§ Activity:
In the records below, begin at the line containing "rewrite (sum_Iv_snd_shift (K" and end at the line containing "- exact: lincomb_eq0_basis_family."; quote every line in that span exactly, including both boundary lines, and no others.

§ Exercise material:
== Segment start ==

Lemma span_coef_shift (j : 'I_n) (N : 'X_{1..n}) : mdeg N = d.-1 ->
  (lincomb span_coef B j)@_(N + U_(j)) = (h j)@_(N + U_(j)).
Proof.
move=> degN; rewrite mcoeff_lincomb big1 ?add0r; last first.
  move=> x /andP[/eqP ei /eqP eM].
  by move: (Ip_coord0 x); rewrite eM ei mnmDE mnm1E eqxx addn1.
rewrite (sum_Iv_fst_shift (K := div_partial N j.+1 / (1 + N j)%:R) d_gt0 degN); last first.
  move=> y ei eN; rewrite /= eN ei Iv_succ ei; field.
  by rewrite !natr_add1_neq0.
rewrite (sum_Iv_snd_shift (K := div_partial N j / (1 + N j)%:R) d_gt0 degN); last first.
  by move=> y ei eN; rewrite /= eN ei; field; rewrite !natr_add1_neq0.
have -> : (if (j.+1 < n)%N then div_partial N j.+1 / (1 + N j)%:R else 0)
          = div_partial N j.+1 / (1 + N j)%:R.
  case: ifP => // lt_j1n; rewrite (_ : j.+1 = n) ?div_partial_n ?mul0r //.
  by apply/eqP; rewrite eqn_leq ltn_ord leqNgt lt_j1n.
have -> : (if (0 < j)%N then div_partial N j / (1 + N j)%:R else 0)
          = div_partial N j / (1 + N j)%:R.
  by case: ifP => //; rewrite lt0n => /negbFE/eqP ->; rewrite div_partial0 mul0r.
rewrite div_partialS /shift_coef; field; exact: natr_add1_neq0.
Qed.

Lemma lincomb_span_coef (j : 'I_n) : h j = lincomb span_coef B j.
Proof.
apply/mpolyP => M; have [degM|degM] := eqVneq (mdeg M) d; last first.
  by rewrite span_coef_off_degree // (dhomog_nemf_coeff (hV.1 j) degM).
have [Mj|Mj] := eqVneq (M j) 0%N; first by rewrite span_coef_coord0.
pose N := (M - U_(j))%MM.
have eM : M = (N + U_(j))%MM.
  rewrite submK //; apply/mnm_lepP => k; rewrite mnm1E.
  by case: eqP => [<-|]; rewrite ?lt0n.
have degN : mdeg N = d.-1 by move: degM; rewrite eM mdegD mdeg1 addn1 => <-.
by rewrite eM span_coef_shift.
Qed.

End Span.

End Family.

Theorem lemma1 (R : realFieldType) (n d : nat) (hn : (1 <= n)%N) (hd : (1 <= d)%N) :
  is_basis_of (@inV R n d) (@basis_family R n d).
Proof.
split.
- by move=> k; split; [apply: basis_family_homog | apply: divergence_basis_family].
- exact: lincomb_eq0_basis_family.
- by move=> h hV; exists (span_coef h); apply: lincomb_span_coef.
Qed.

== Segment end ==

§ Task answer:
rewrite (sum_Iv_snd_shift (K := div_partial N j / (1 + N j)%:R) d_gt0 degN); last first.
  by move=> y ei eN; rewrite /= eN ei; field; rewrite !natr_add1_neq0.
have -> : (if (j.+1 < n)%N then div_partial N j.+1 / (1 + N j)%:R else 0)
          = div_partial N j.+1 / (1 + N j)%:R.
  case: ifP => // lt_j1n; rewrite (_ : j.+1 = n) ?div_partial_n ?mul0r //.
  by apply/eqP; rewrite eqn_leq ltn_ord leqNgt lt_j1n.
have -> : (if (0 < j)%N then div_partial N j / (1 + N j)%:R else 0)
          = div_partial N j / (1 + N j)%:R.
  by case: ifP => //; rewrite lt0n => /negbFE/eqP ->; rewrite div_partial0 mul0r.
rewrite div_partialS /shift_coef; field; exact: natr_add1_neq0.
Qed.

Lemma lincomb_span_coef (j : 'I_n) : h j = lincomb span_coef B j.
Proof.
apply/mpolyP => M; have [degM|degM] := eqVneq (mdeg M) d; last first.
  by rewrite span_coef_off_degree // (dhomog_nemf_coeff (hV.1 j) degM).
have [Mj|Mj] := eqVneq (M j) 0%N; first by rewrite span_coef_coord0.
pose N := (M - U_(j))%MM.
have eM : M = (N + U_(j))%MM.
  rewrite submK //; apply/mnm_lepP => k; rewrite mnm1E.
  by case: eqP => [<-|]; rewrite ?lt0n.
have degN : mdeg N = d.-1 by move: degM; rewrite eM mdegD mdeg1 addn1 => <-.
by rewrite eM span_coef_shift.
Qed.

End Span.

End Family.

Theorem lemma1 (R : realFieldType) (n d : nat) (hn : (1 <= n)%N) (hd : (1 <= d)%N) :
  is_basis_of (@inV R n d) (@basis_family R n d).
Proof.
split.
- by move=> k; split; [apply: basis_family_homog | apply: divergence_basis_family].
- exact: lincomb_eq0_basis_family.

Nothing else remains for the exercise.